Emigrant Peak is seen rising above the Paradise Valley and the Yellowstone River near Emigrant, Montana, on October 8, 2018.

  • Only 15% of the Earth's lands and 7% of the oceans have been protected in a natural state.
  • Some scientists say a majority of wild species will go extinct if humans don't conserve at least 50% of the Earth.
  • Swiss billionaire Hansjörg Wyss has pledged $1 billion to help protect 30% of the planet by 2030.
  • Wyss previously donated $450 million to protect wild species on roughly 40 million acres around the world.

A Swiss philanthropist's foundation will donate $1 billion to conserve the planet's land and oceans in an effort to expand the availability of clean air and drinking water.

Hansjörg Wyss, a billionaire and conservationist, wrote Wednesday in a New York Times op-ed that he will donate the money over the next 10 years through his Wyss Foundation. Lands and waters are best conserved when they become public national parks, wildlife refuges, or marine reserves, Wyss wrote. He aims to help conserve 30% of the Earth in a natural state by 2030.
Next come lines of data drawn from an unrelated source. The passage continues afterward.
Lemma sqr_entry_le_mu_NM_inf (N M : nat -> nat) r k j i :
  (N k.-1 < j <= N k)%N -> (M r.-1 < i)%N ->
  cabs (u j i) ^+ 2 <= mu_NM_inf N M r u k.
Proof.
by move=> j_in i_in; apply: (sqr_entry_le_row_coherence (fun i => M r.-1 < i)%N); lia.
Qed.

End Coherence.

Lemma delta_ord (N : nat -> nat) r (w : outcome N r) (j : 'I_(N r)) :
  delta N r w j.+1 = w j.
Proof.
apply/existsP/idP => [[j' /andP[/eqP eq_j w_j']] | w_j]; last by exists j; rewrite eqxx.
by have -> : j = j' by apply: val_inj.
Qed.

Section MultilevelScheme.
Context {R : realType} {N m : nat -> nat} {r : nat}.
Hypothesis N0 : N 0%N = 0%N.

Lemma level_exists {j} : (0 < j <= N r)%N ->
  exists2 k, (1 <= k <= r)%N & (N k.-1 < j <= N k)%N.
Proof.
move=> /andP[j_gt0]; elim: r => [|r' IH] j_le; first by rewrite N0 in j_le; lia.
have [/IH[k k_range j_in] | j_gt] := leqP j (N r'); first by exists k => //; lia.
by exists r'.+1 => /=; lia.
Qed.

Hypothesis N_nondecr : forall k, (k < r)%N -> (N k <= N k.+1)%N.

Lemma homo_bounds a b : (a <= b <= r)%N -> (N a <= N b)%N.
Proof.
move=> /andP[le_ab le_br].
apply: (@homo_leq_in _ [pred k | k <= r]%N N leq leqnn leq_trans) => //=.
- by move=> x y _ y_le k /andP[_ k_lt]; apply: ltnW (leq_trans k_lt y_le).
- by move=> k _; exact: N_nondecr.
- exact: leq_trans le_br.
Qed.

Lemma level_unique {j k k'} : (1 <= k <= r)%N -> (1 <= k' <= r)%N ->
  (N k.-1 < j <= N k)%N -> (N k'.-1 < j <= N k')%N -> k = k'.
Proof.
move=> k_range k'_range j_in j_in'.
have [lt_kk' | lt_k'k | //] := ltngtP k k'.
- by have := @homo_bounds k k'.-1; lia.
- by have := @homo_bounds k' k.-1; lia.
Qed.

Lemma big_level {V : nmodType} (F : nat -> V) {j k} :
  (1 <= k <= r)%N -> (N k.-1 < j <= N k)%N ->
  \sum_(1 <= k' < r.+1 | (N k'.-1 < j <= N k')%N) F k' = F k.
Proof.
move=> k_range j_in.
rewrite big_mkcond (bigD1_seq k) ?mem_index_iota ?iota_uniq //=.
rewrite j_in big1_seq ?addr0 // => k' /andP[/eqP ne_k'k].
rewrite mem_index_iota => k'_range; case: ifP => // j_in'; elim: ne_k'k.
by apply: (@level_unique j k' k) => //; lia.
Qed.

Local Notation q := (@qidx R N m r).
Local Notation qlev := (@qlev R N m).

Lemma qidx_level {j k} : (1 <= k <= r)%N -> (N k.-1 < j <= N k)%N -> q j = qlev k.
Proof. exact: big_level. Qed.

Lemma Ddiag_ord (w : outcome N r) (j : 'I_(N r)) :
  Ddiag N m r w j.+1 = if w j then (q j.+1)^-1 else 0.
Proof.
have [k k_range j_in] := @level_exists j.+1 (ltn_ord j).
rewrite (qidx_level k_range j_in) /Ddiag /inOmega delta_ord.
case: (w j); last by rewrite big1 // => k' _; rewrite andbF.
by under eq_bigr do rewrite andbT; rewrite -big_mkcond (big_level _ k_range j_in).
Qed.

Lemma UDU_ii_sampled_sum (u : nat -> nat -> R[i]) w i :
  UDU_ii N m r u w i = sampled_sum N m r (fun j => cabs (u j i) ^+ 2) w.
Proof.
rewrite /UDU_ii; under eq_bigr do rewrite conjC_scale_mul.
rewrite -raddf_sum cabsR; last first.
  apply: sumr_ge0 => j _; rewrite mulr_ge0 ?sqr_ge0 // /Ddiag sumr_ge0 // => k _.
  by case: ifP => // _; rewrite invr_ge0 /qlev divr_ge0.
rewrite big_add1 /= big_mkord; apply: eq_bigr => j _.
by rewrite Ddiag_ord mulrC.
Qed.

Hypothesis m_range : forall k, (1 <= k <= r)%N -> (0 < m k <= N k - N k.-1)%N.

Lemma qlev_range {k} : (1 <= k <= r)%N -> 0 < qlev k <= 1.
Proof.
move=> /m_range /andP[m_gt0 m_le]; have len_gt0 : (0 < N k - N k.-1)%N by lia.
by rewrite divr_gt0 ?ltr0n //= ler_pdivrMr ?ltr0n // mul1r ler_nat.
Qed.

Lemma qidx_range j : (0 < j <= N r)%N -> 0 < q j <= 1.
Proof. by move=> /level_exists[k k_range j_in]; rewrite (qidx_level k_range j_in) qlev_range. Qed.

Lemma weighted_excess_le_bigmax (a mu_l : nat -> R) j :
  (forall k j, (1 <= k <= r)%N -> (N k.-1 < j <= N k)%N -> a j <= mu_l k) ->
  0 <= a j -> (0 < j <= N r)%N ->
  a j * ((q j)^-1 - 1) <=
    \big[Num.max/0]_(1 <= k < r.+1) (((N k - N k.-1)%:R / (m k)%:R - 1) * mu_l k).
Proof.
move=> a_le a_ge0 /level_exists[k k_range j_in].
rewrite (qidx_level k_range j_in).
apply: (bigmax_sup_seq _ k) => //; first by rewrite mem_index_iota; lia.
have /andP[q_gt0 q_le1] := qlev_range k_range.
have excess_ge0 : 0 <= (qlev k)^-1 - 1 by rewrite subr_ge0 invf_ge1.
rewrite /qlev invf_div in excess_ge0 *.
by rewrite mulrC ler_wpM2l // a_le.
Qed.

Lemma Prob_UDU_ii_tail {u : nat -> nat -> R[i]} {mu_l : nat -> R} {i t L} :
  contraction u -> (0 < i)%N -> 0 < t <= 1 -> 0 < L ->
  L * \big[Num.max/0]_(1 <= k < r.+1) (((N k - N k.-1)%:R / (m k)%:R - 1) * mu_l k)
    <= t ^+ 2 / 4 ->
  (forall k j, (1 <= k <= r)%N -> (N k.-1 < j <= N k)%N -> cabs (u j i) ^+ 2 <= mu_l k) ->
  @Prob R N m r (fun w => 1 + t <= UDU_ii N m r u w i) <= expR (- L).
Proof.
move=> u_contr i_gt0 t_range L_gt0 bound_le entry_le.
rewrite /Prob; under eq_bigl => w do rewrite UDU_ii_sampled_sum.
apply: (sampled_sum_tail qidx_range _ t L _ _ _ t_range L_gt0 _ bound_le).
- by move=> j; exact: sqr_ge0.
- by have := contraction_col_norm u_contr i (N r) i_gt0; rewrite big_add1 /= big_mkord.
- exact: bigmax_ge_id.
- move=> j j_range.
  by apply: (weighted_excess_le_bigmax (fun j => cabs (u j i) ^+ 2)); rewrite ?sqr_ge0.
Qed.

Lemma Prob_UDU_ii_full (u : nat -> nat -> R[i]) i t :
  (forall k, (1 <= k <= r)%N -> m k = (N k - N k.-1)%N) ->
  contraction u -> (0 < i)%N -> 0 < t ->
  @Prob R N m r (fun w => 1 + t <= UDU_ii N m r u w i) = 0.
Proof.
move=> m_full u_contr i_gt0 t_gt0.
rewrite /Prob; under eq_bigl => w do rewrite UDU_ii_sampled_sum.
apply: sampled_sum_full.
  move=> j /level_exists[k k_range j_in].
  rewrite (qidx_level k_range j_in) /qlev m_full // divff // pnatr_eq0 -lt0n.
  by have := m_range k k_range; lia.
have := contraction_col_norm u_contr i (N r) i_gt0; rewrite big_add1 /= big_mkord.
lra.
Qed.

End MultilevelScheme.

Lemma column_level_cases {M : nat -> nat} {r Mb i} :
  M 0%N = 0%N -> (forall k, (k < r)%N -> (M k <= M k.+1)%N) ->
  (M r <= Mb)%N -> (0 < i <= Mb)%N ->
  (exists2 l, ((Mb == M r) && (1 <= l <= r)) || ((M r < Mb) && (1 <= l < r))
            & (M l.-1 < i <= M l))%N
  \/ (M r < Mb /\ M r.-1 < i)%N.
Proof.
move=> M0 M_nondecr M_le /andP[i_gt0 i_le].
have M_last := @homo_bounds M r M_nondecr r.-1 r.
have [i_le_Mr | Mr_lt_i] := leqP i (M r); last by right; lia.
have i_range : (0 < i <= M r)%N by rewrite i_gt0.
have [l l_range i_in] := @level_exists M r M0 i i_range.
have [/andP[/eqP Mb_ne r_le] | inner_level] := boolP ((Mb != M r) && (r <= l))%N.
  have l_eq : l = r by lia.
  by rewrite l_eq in i_in; right; lia.
by left; exists l => //; lia.
Qed.

Theorem proposition7p13 (R : realType) (u : nat -> nat -> R[i])
    (r : nat) (N M m s : nat -> nat) (Delta : nat -> seq nat) (Mb : nat) :
  contraction u ->
  (0 < r)%N -> N 0%N = 0%N -> M 0%N = 0%N ->
  (1 <= N 1)%N ->
  (forall k, (1 <= k < r)%N -> (N k < N k.+1)%N) ->
  (forall k, (1 <= k < r)%N -> (M k < M k.+1)%N) ->
  (forall k, (1 <= k <= r)%N -> (0 < m k <= N k - N k.-1)%N) ->
  (forall k, (1 <= k <= r)%N ->
     [/\ uniq (Delta k), size (Delta k) = s k
       & all (fun j => (M k.-1 < j <= M k)%N) (Delta k)]) ->
  (M r <= Mb)%N ->
  forall t gamma : R, 0 < t < 1 -> 0 < gamma < 1 ->
  let inDelta j := has (fun k => j \in Delta k) (iota 1 r) in
  let bound (mu_l : nat -> R) :=
    ln (2 * Mb%:R / gamma)
    * \big[Num.max/0]_(1 <= k < r.+1)
        (((N k - N k.-1)%:R / (m k)%:R - 1) * mu_l k) in
  ((forall l, ((Mb == M r) && (1 <= l <= r))%N || ((M r < Mb) && (1 <= l < r))%N ->
      bound (fun k => mu_NM N M u k l) <= t ^+ 2 / 4) ->
   ((M r < Mb)%N -> bound (fun k => mu_NM_inf N M r u k) <= t ^+ 2 / 4) ->
   @Prob R N m r (fun w => 1 + t <=
        \big[Num.max/0]_(1 <= i < Mb.+1 | ~~ inDelta i) UDU_ii N m r u w i)
     <= gamma)
  /\
  ((forall k, (1 <= k <= r)%N -> m k = (N k - N k.-1)%N) ->
   forall i, (0 < i)%N -> @Prob R N m r (fun w => 1 + t <= UDU_ii N m r u w i) = 0).
Proof.
move=> u_contr _ N0 M0 _ N_incr M_incr m_range _ M_le t gamma
  /andP[t_gt0 t_lt1] /andP[g_gt0 g_lt1] inDelta bound.
have nondecr (B : nat -> nat) : B 0%N = 0%N ->
    (forall k, (1 <= k < r)%N -> (B k < B k.+1)%N) -> forall k, (k < r)%N -> (B k <= B k.+1)%N.
  by move=> B0 B_incr [|k] k_lt; [rewrite B0 | apply/ltnW/B_incr; lia].
have N_nondecr := nondecr N N0 N_incr; have M_nondecr := nondecr M M0 M_incr.
split=> [coh_l coh_inf | m_full i i_gt0]; last exact: Prob_UDU_ii_full.
have column_tail i : (0 < i <= Mb)%N ->
    @Prob R N m r (fun w => 1 + t <= UDU_ii N m r u w i) <= gamma / (2 * Mb%:R).
  move=> /[dup] i_range /andP[i_gt0 i_le]; have Mb_ge1 : 1 <= Mb%:R :> R by rewrite ler1n; lia.
  have ratio_gt1 : 1 < 2 * Mb%:R / gamma by rewrite ltr_pdivlMr // mul1r; lra.
  have -> : gamma / (2 * Mb%:R) = expR (- ln (2 * Mb%:R / gamma)).
    by rewrite expRN lnK ?invf_div // posrE (lt_trans ltr01 ratio_gt1).
  have t_range : 0 < t <= 1 by rewrite t_gt0 ltW.
  have tail := Prob_UDU_ii_tail N0 N_nondecr m_range u_contr i_gt0 t_range (ln_gt0 ratio_gt1).
  have [[l l_ok i_in] | [Mr_lt i_in]] := column_level_cases M0 M_nondecr M_le i_range.
  - by apply: tail (coh_l l l_ok) _ => k j _ j_in; exact: sqr_entry_le_mu_NM.
  - by apply: tail (coh_inf Mr_lt) _ => k j _ j_in; exact: sqr_entry_le_mu_NM_inf.
have q_range := qidx_range (R := R) N0 N_nondecr m_range.
apply: (le_trans (Prob_bigmax_le q_range _ _ _ _ _)); first by rewrite ltr_wpDr // ltW.
apply: le_trans (_ : \sum_(1 <= i < Mb.+1) gamma / (2 * Mb%:R) <= _).
  by rewrite !big_seq; apply: ler_sum => i; rewrite mem_index_iota => i_range; apply: column_tail.
rewrite sumr_const_nat subn1 /=.
have [-> | Mb_gt0] := posnP Mb; first by rewrite mulr0n ltW.
have -> : gamma / (2 * Mb%:R) *+ Mb = gamma / 2.
  by rewrite -mulr_natr; field; rewrite pnatr_eq0 -lt0n.
lra.
Qed.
According to researchers at Brown University, animal and plant species are going extinct 1,000 times faster than they did prior to human activity. A recent study in the journal PNAS predicted that humans will cause so many mammal species to go extinct in the next 50 years that the planet's evolutionary diversity won't recover for up to 5 million years.

Some scientists say at least 50% of the Earth needs to be protected in order to avoid losing a majority of plant and animal species. As of now, however, only 15% of the planet's lands and 7% of the oceans have been protected in a natural state.

The Wyss campaign will support locally-led efforts to better manage parks and protected areas. Wyss will also sponsor research at the University of Bern, Switzerland, so that scientists can determine the most effective and feasible conservation methods.

Read more: So many animals will go extinct in the next 50 years that it will take Earth at least 3 million years to recover, a study has found

Wyss previously helped protect wild species on roughly 40 million acres of land and ocean after donating more than $450 million across Africa, South America, North America, and Europe. Wyss is also one of several billionaires to sign the Giving Pledge, a commitment to give away at least half of one's wealth to charity.

"Every one of us - citizens, philanthropists, business and government leaders - should be troubled by the enormous gap between how little of our natural world is currently protected and how much should be protected," Wyss wrote. "It is a gap that we must urgently narrow, before our human footprint consumes the earth's remaining wild places."